Encoding all 16 bit positions for each track as a signed pulse or
not will result in the least amount of distortion. However, for
bandwidth efficiency purposes, rather than encoding all 16 pulse
positions, only the positions of some maximum number of pulses are
encoded. The higher the maximum number, the lower the distortion.
With AMR-WB, the number of positions that are encoded varies with
bit rate.
[0008] The 23.05 kbps and 23.85 kbps modes both use 6 pulses per
track. The AMR-WB speech codec defined in ETSI TS 126 190 V.8.0.0
(2009-01) encodes the algebraic codebook index for one subframe
with 88 bits. The pulses are encoded with 22 bits per track.
[0009] The 19.85 kbps mode uses 5 pulses in 2 of the 4 tracks and 4
pulses in the other 2. The AMR-WB speech codec defined in ETSI TS
126 190 V.8.0.0 (2009-01) encodes the algebraic codebook index for
one subframe with 72 bits.
[0010] The 18.25 kbps mode uses 4 pulses in each of the 4 tracks.
The AMR-WB speech codec defined in ETSI TS 126 190 V.8.0.0
(2009-01) encodes the algebraic codebook index for one subframe
with 64 bits.
BRIEF DESCRIPTION OF THE DRAWINGS
[0011] FIG. 1 is a block diagram of a first CODEC containing
device;
[0012] FIG. 2 is a block diagram of a second CODEC containing
device;
[0013] FIG. 3 is a block diagram of a first mobile device;
[0014] FIG. 4 is a block diagram of a second mobile device;
[0015] FIG. 5 is a block diagram of an apparatus in which a
conversion between a first source coding scheme and a second source
coding scheme is performed, one of the source coding schemes being
an enumerative source coding;
[0016] FIG. 6 is a block diagram of an apparatus in which a
conversion between a first source coding scheme and a second source
coding scheme is performed, one of the source coding schemes being
an arithmetic code;
[0017] FIG. 7 is a flowchart of a first method of source
coding;
[0018] FIG. 8 is a flowchart of a first method of source
decoding;
[0019] FIG. 9 is a flowchart of a second method of source
decoding;
[0020] FIG. 10 is a flowchart of a second method of source
decoding;
[0021] FIG. 11 is a flowchart of a first method of performing
conversion between two different source coding schemes;
[0022] FIG. 12 is a flowchart of a second method of performing
conversion between two different source coding schemes; and
[0023] FIG. 13 is block diagram of another mobile device.
DETAILED DESCRIPTION
[0024] The encoding of the excitation is sometimes referred to as
source coding.
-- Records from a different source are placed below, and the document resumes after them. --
(* Move along a dependence [d'] with some positive coefficient until the first
   coefficient of [b] vanishes (ratio test). *)
Lemma conic_drop_dependent (A : {set K}) (b : K -> R) :
  (forall j, j \in A -> 0 <= b j) -> ~ lin_indep A ->
  exists k (b' : K -> R), [/\ k \in A, forall j, j \in A :\ k -> 0 <= b' j &
    forall i, \sum_(j in A :\ k) b' j * w j i = \sum_(j in A) b j * w j i].
Proof.
move=> b0 /existsNP [d /not_implyP [dw /existsNP [j0 /not_implyP [j0A /eqP dj0]]]].
have [d' [d'w [j1 j1A d'j1]]] : exists d' : K -> R,
    (forall i, \sum_(j in A) d' j * w j i = 0) /\ exists2 j1, j1 \in A & 0 < d' j1.
  have [dpos|dneg] := ltP 0 (d j0); first by exists d; split => //; exists j0.
  exists (fun j => - d j); split.
    by move=> i; under eq_bigr do rewrite mulNr; rewrite sumrN dw oppr0.
  by exists j0 => //; rewrite oppr_gt0 lt_neqAle dneg andbT.
set P := fun j => (j \in A) && (0 < d' j).
have Pj1 : P j1 by rewrite /P j1A d'j1.
case: (@arg_minP _ _ _ j1 P (fun j => b j / d' j) Pj1) => k /andP [kA d'k] kmin.
set t := b k / d' k.
exists k, (fun j => b j - t * d' j); split => //.
- move=> j /setD1P [_ jA]; rewrite subr_ge0.
  have [d'j|d'j] := ltP 0 (d' j).
    by rewrite -ler_pdivlMr //; apply: kmin; rewrite /P jA d'j.
  apply: le_trans (b0 _ jA); apply: mulr_ge0_le0 => //.
  by apply: divr_ge0; [exact: b0 | exact: ltW].
- move=> i; rewrite (big_setD1 k kA) /=.
  under eq_bigr do rewrite mulrBl -mulrA.
  rewrite sumrB -mulr_sumr.
  have -> : \sum_(j in A :\ k) d' j * w j i = - (d' k * w k i).
    by apply/eqP; rewrite -addr_eq0 addrC -(big_setD1 k kA) /= d'w.
  by rewrite mulrN opprK mulrA /t divfK ?gt_eqF // addrC.
Qed.

Lemma conic_caratheodory (A : {set K}) (b : K -> R) :
  (forall j, j \in A -> 0 <= b j) ->
  exists (J : {set K}) (b' : K -> R), [/\ J \subset A, forall j, j \in J -> 0 <= b' j,
    forall i, \sum_(j in J) b' j * w j i = \sum_(j in A) b j * w j i &
    lin_indep J].
Proof.
move: {2}#|A| (leqnn #|A|) => c; elim: c A b => [|c IH] A b Ac b0.
  exists A, b; split => // d _ j; move: Ac; rewrite leqn0 => /eqP /cards0_eq ->.
  by rewrite inE.
have [indep|dep] := pselect (lin_indep A); first by exists A, b.
have [k [b2 [kA b20 sum2]]] := conic_drop_dependent b0 dep.
have [|J [b' [JA b'0 sum' indep]]] := IH (A :\ k) b2 _ b20.
  by move: Ac; rewrite (cardsD1 k A) kA add1n ltnS.
exists J, b'; split => //; first exact: fintype.subset_trans JA (subD1set A k).
by move=> i; rewrite sum' sum2.
Qed.

End ConicCaratheodory.

Section SequenceLimits.
Variable R : realType.

Lemma cvg_sum T (F : set_system T) {FF : Filter F} (I : finType) (P : pred I)
    (f : I -> T -> R) (l : I -> R) :
  (forall i, P i -> f i @ F --> l i) ->
  (\sum_(i | P i) f i t) @[t --> F] --> \sum_(i | P i) l i.
Proof. by move=> fl; apply: cvg_big => //; exact: add_continuous. Qed.

Lemma cvgr_unique T (F : set_system T) {FF : ProperFilter F} (f : T -> R) (l l' : R) :
  f @ F --> l -> f @ F --> l' -> l = l'.
Proof. by move=> fl fl'; apply: (cvg_unique _ fl fl'). Qed.

Lemma norm_le_cvg0 T (F : set_system T) {FF : Filter F} (f g : T -> R) :
  (\forall t \near F, `|f t| <= g t) -> g @ F --> 0 -> f @ F --> 0.
Proof.
move=> fg /cvgr0Pnorm_le g0; apply/cvgr0Pnorm_le => e /g0.
by apply: filterS2 fg => t ft gt; apply: le_trans ft (le_trans (ler_norm _) gt).
Qed.

Lemma cvgr_le0_of_le_vanishing T (F : set_system T) {FF : ProperFilter F}
    (f e : T -> R) (l : R) :
  (\forall t \near F, f t <= e t) -> e @ F --> 0 -> f @ F --> l -> l <= 0.
Proof.
move=> fe e0 fl; rewrite -(subr0 l).
apply: (closed_cvg _ (@closed_le _ 0) _ _ (cvgB fl e0)).
by apply: filterS fe => t /=; rewrite subr_le0.
Qed.

Lemma geometric_decay_cvg0 (c : nat -> R) (tau : R) (K : nat) :
  0 < tau < 1 -> (forall k, 0 <= c k) ->
  (forall k, (K <= k)%N -> c k.+1 <= tau * c k) -> c @ \oo --> 0.
Proof.
move=> /andP [tau0 tau1] c0 decay.
set C := c K / tau ^+ K.
have bound t : c (K + t)%N <= tau ^+ (K + t) * C.
  elim: t => [|t IH].
    by rewrite addn0 /C mulrCA mulfV ?mulr1 // expf_neq0 // gt_eqF.
  rewrite addnS; apply: le_trans (decay _ (leq_addr t K)) _.
  by rewrite exprS -mulrA ler_wpM2l // ltW.
apply: (@squeeze_cvgr _ _ _ _ (fun=> 0) (fun k => tau ^+ k * C)).
- exists K => // k /= Kk; rewrite c0 /=.
  by have := bound (k - K)%N; rewrite subnKC.
- exact: cvg_cst.
- rewrite -(mul0r C); apply: cvgMr_tmp; apply: cvg_expr.
  by rewrite gtr0_norm.
Qed.

End SequenceLimits.

Section Ultrafilters.
Variables (T : Type) (U : set_system T).
Context {UU : UltraFilter U}.

Lemma ultra_pigeonhole (I : finType) (c : T -> I) :
  exists i, \forall t \near U, c t = i.
Proof.
apply: contrapT => /forallNP none.
have cvoid : forall i, \forall t \near U, c t <> i.
  move=> i; have [|//] := in_ultra_setVsetC [set t | c t = i] UU.
  by move=> ci; exfalso; exact: (none i).
by have [t /(_ (c t))] := filter_ex (filter_forall _ cvoid).
Qed.

(* By compactness [f @ U] has a cluster point in [a, b], and a cluster point of
   an ultrafilter is a limit. *)
Lemma ultra_cvg_bounded (R : realType) (f : T -> R) (a b : R) :
  (\forall t \near U, a <= f t <= b) -> exists l : R, f t @[t --> U] --> l.
Proof.
move=> fab.
have fU : fmap f U `[a, b] by apply: filterS fab => t; rewrite /= in_itv.
have [l [_ cl]] := segment_compact (fmap_proper_filter f (@ultra_proper _ _ UU)) fU.
exists l => B Bl.
have [//|nB] := in_ultra_setVsetC (f @^-1` B) UU.
by have [z [nBz Bz]] := cl (~` B) B nB Bl.
Qed.

Lemma ultra_normalized_limits (R : realType) (I : finType) (J : {set I})
    (b : T -> I -> R) :
  (\forall t \near U, forall j, j \in J -> 0 <= b t j) ->
  exists (sig : R) (gam : I -> R),
    [/\ (1 + \sum_(j in J) b t j)^-1 @[t --> U] --> sig,
        forall j, j \in J -> b t j / (1 + \sum_(j in J) b t j) @[t --> U] --> gam j,
        forall j, j \in J -> 0 <= gam j, 0 <= sig &
        \sum_(j in J) gam j = 1 - sig].
Proof.
move=> b0; set s := fun t => 1 + \sum_(j in J) b t j.
have s_ge : \forall t \near U, 1 <= s t /\ forall j, j \in J -> b t j <= s t.
  apply: filterS b0 => t b0; split; first by rewrite lerDl sumr_ge0.
  move=> j jJ; rewrite /s (bigD1 j) //= addrCA lerDl addr_ge0 //.
  by apply: sumr_ge0 => k /andP [kJ _]; exact: b0.
have [sig sig_lim] : exists sig : R, (s t)^-1 @[t --> U] --> sig.
  apply: (ultra_cvg_bounded (a := 0) (b := 1)); apply: filterS s_ge => t [s1 _].
  by rewrite invr_ge0 invf_le1 ?s1 ?andbT //; lra.
have /choice [gam gam_lim] : forall j, exists l : R,
    j \in J -> b t j / s t @[t --> U] --> l.
  move=> j; case: (boolP (j \in J)) => jJ; last by exists 0.
  have [l bl] : exists l : R, b t j / s t @[t --> U] --> l.
    apply: (ultra_cvg_bounded (a := 0) (b := 1)).
    apply: filterS2 b0 s_ge => t b0 [s1 bs].
    rewrite divr_ge0 ?b0 //=; last by lra.
    by rewrite ler_pdivrMr ?mul1r ?bs //; lra.
  by exists l.
exists sig, gam; split => //.
- move=> j jJ; apply: (closed_cvg _ (@closed_ge _ 0) _ _ (gam_lim j jJ)).
  apply: filterS2 b0 s_ge => t b0 [s1 _] /=.
  by rewrite divr_ge0 ?b0 //; lra.
- apply: (closed_cvg _ (@closed_ge _ 0) _ _ sig_lim).
  by apply: filterS s_ge => t [s1 _] /=; rewrite invr_ge0; lra.
- have sum_lim : (\sum_(j in J) b t j / s t) @[t --> U] --> 1 - sig.
    have sub_lim : (1 - (s t)^-1) @[t --> U] --> 1 - sig.
      by apply: cvgB => //; exact: cvg_cst.
    apply: cvg_trans sub_lim; apply: near_eq_cvg; apply: filterS s_ge => t [s1 _].
    have st0 : s t != 0 by rewrite gt_eqF //; lra.
    rewrite /= -mulr_suml (_ : \sum_(j in J) b t j = s t - 1); last by rewrite /s; lra.
    by rewrite mulrBl mulfV // mul1r.
  exact: cvgr_unique (cvg_sum gam_lim) sum_lim.
Qed.

End Ultrafilters.

(* [U] refines the image of [\oo] under [k |-> (phi k).-1], so that [x k.+1]
   runs along the subsequence. *)
Lemma subseq_ultrafilter (X : topologicalType) (x : nat -> X) (phi : nat -> nat)
    (l : X) :
  (forall k, (phi k < phi k.+1)%N) -> x \o phi @ \oo --> l ->
  exists U : set_system nat, [/\ UltraFilter U, U --> \oo & x k.+1 @[k --> U] --> l].
Proof.
move=> phi_incr xl.
have phi_ge k : (k <= phi k)%N.
  by elim: k => // k IH; apply: leq_ltn_trans IH (phi_incr k).
have [U [UU sub]] := ultraFilterLemma
  (fmap_proper_filter (fun k => (phi k).-1) eventually_filter).
exists U; split => //.
  move=> A [K _ KA]; apply: sub; exists K.+1 => // k /= Kk; apply: KA => /=.
  by have := phi_ge k; lia.
move=> A /xl [K _ KA]; apply: sub; exists K.+1 => // k /= Kk.
by rewrite prednK; [apply: KA => /=; lia | have := phi_ge k; lia].
Qed.

Section CPLDLimits.
Variables (R : realType) (n p : nat) (h : 'I_p -> 'rV[R]_n -> R) (xbar : 'rV[R]_n).
Hypotheses (pd_h_continuous : forall j i, continuous (fun y => pd (h j) y i))
           (cpld : CPLD h xbar).
Arguments pd_h_continuous : clear implicits.
Variables (T : Type) (U : set_system T) (y : T -> 'rV[R]_n).
Context {UU : UltraFilter U}.
Hypothesis y_cvg : y @ U --> xbar.

Let grad t := fun j i => pd (h j) (y t) i.

Lemma cvg_pd_h j i : pd (h j) (y t) i @[t --> U] --> pd (h j) xbar i.
Proof. exact: continuous_cvg _ (pd_h_continuous j i xbar) y_cvg. Qed.

Lemma cpld_pos_indep (J : {set 'I_p}) :
  (forall j, j \in J -> h j xbar = 0) ->
  (\forall t \near U, lin_indep (grad t) J) ->
  forall gam : 'I_p -> R, (forall j, j \in J -> 0 <= gam j) ->
  (forall i, \sum_(j in J) gam j * pd (h j) xbar i = 0) ->
  forall j, j \in J -> gam j = 0.
Proof.
move=> active indep gam gam0 comb0 j jJ; apply: contrapT => /eqP gamj.
have /y_cvg dep := cpld active (ex_intro _ gam (conj gam0
  (conj (ex_intro2 _ _ j jJ gamj) comb0))).
have [t [indep_t [beta [[j1 j1J bj1] comb]]]] := filter_ex (filterI indep dep).
by move: bj1; rewrite (indep_t beta comb j1 j1J) eqxx.
Qed.

(* For [s = 1 + sum b], the limits [sig] of [1 / s] and [gam] of [b / s] satisfy
   [sum gam = 1 - sig] and [sum gam grad h = sig w]; CPLD rules out [sig = 0],
   and [gam / sig] are the multipliers. *)
Lemma cpld_bounded_limit (J : {set 'I_p}) (b : T -> 'I_p -> R) (w : 'I_n -> R) :
  (forall j, j \in J -> h j xbar = 0) ->
  (\forall t \near U, (forall j, j \in J -> 0 <= b t j) /\ lin_indep (grad t) J) ->
  (forall i, (\sum_(j in J) b t j * pd (h j) (y t) i) @[t --> U] --> w i) ->
  exists2 nu : 'I_p -> R, (forall j, j \in J -> 0 <= nu j) &
    forall i, \sum_(j in J) nu j * pd (h j) xbar i = w i.
Proof.
move=> active near_b bw.
have [sig [gam [sig_lim gam_lim gam0 sig0 sum_gam]]] :=
  ultra_normalized_limits (filterS (fun t => @proj1 _ _) near_b).
have comb i : \sum_(j in J) gam j * pd (h j) xbar i = sig * w i.
  have lim_sw : (\sum_(j in J) b t j / (1 + \sum_(j in J) b t j) * pd (h j) (y t) i)
      @[t --> U] --> sig * w i.
    apply: cvg_trans (cvgM sig_lim (bw i)); apply: near_eq_cvg.
    apply: filterE => t; rewrite /= mulr_sumr; apply: eq_bigr => j _.
    by rewrite mulrCA mulrA.
  apply: cvgr_unique lim_sw.
  by apply: cvg_sum => j jJ; apply: cvgM; [exact: gam_lim | exact: cvg_pd_h].
have sig_neq0 : sig != 0.
  apply/eqP => sig00.
  have gam00 := cpld_pos_indep active (filterS (fun t => @proj2 _ _) near_b) gam0.
  move: sum_gam; rewrite big1 => [|j jJ]; last first.
    by apply: gam00 jJ => i; rewrite comb sig00 mul0r.
  by rewrite sig00 subr0 => /eqP; rewrite eq_sym oner_eq0.
exists (fun j => gam j / sig); first by move=> j jJ; rewrite divr_ge0 ?gam0.
move=> i; rewrite -[w i](mulKf sig_neq0) -(comb i) mulr_sumr.
by apply: eq_bigr => j _; rewrite mulrAC mulrC.
Qed.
Methods, systems, devices and computer readable
media for source coding of the algebraic codebook indices are
provided.
[0025] It should be understood at the outset that although
illustrative implementations of one or more embodiments of the
present disclosure are provided below, the disclosed systems and/or
methods may be implemented using any number of techniques, whether
or not currently known or in existence. The disclosure should in no
way be limited to the illustrative implementations, drawings, and
techniques illustrated below, including the exemplary designs and
implementations illustrated and described herein, but may be
modified within the scope of the appended claims along with their
full scope of equivalents.
[0026] FIG. 1 is a block diagram of a first codec containing device
generally indicated at 11. The first codec containing device 11 may
be any device that is configured with a codec. Specific examples
include a digital telephone such as a mobile telephone, and a
camcorder. The codec containing device 11 of FIG. 1 contains a
voice sample source 12, a voice sample sink 13 and a codec 14. The
voice sample source 12 provides voice samples. This may involve
reading voice samples stored in memory, or may involve a microphone
and ADC (analog to digital converter) for directly generating voice
samples, to name two specific examples. The voice sample sink 13
may be a memory for storing voice samples, or may involve a DAC
(digital to analog converter) and speaker for generating audible
voice from received samples. The codec containing device 11 is
connectable to one or more communications links 19 over which a
signal containing an encoding output of the codec 14 may be
transmitted, and/or a signal containing a decoding input of the
codec 14 may be received. The communications links 19 may be any
communications links supporting digital communications; examples
include wired, optical, and wireless links.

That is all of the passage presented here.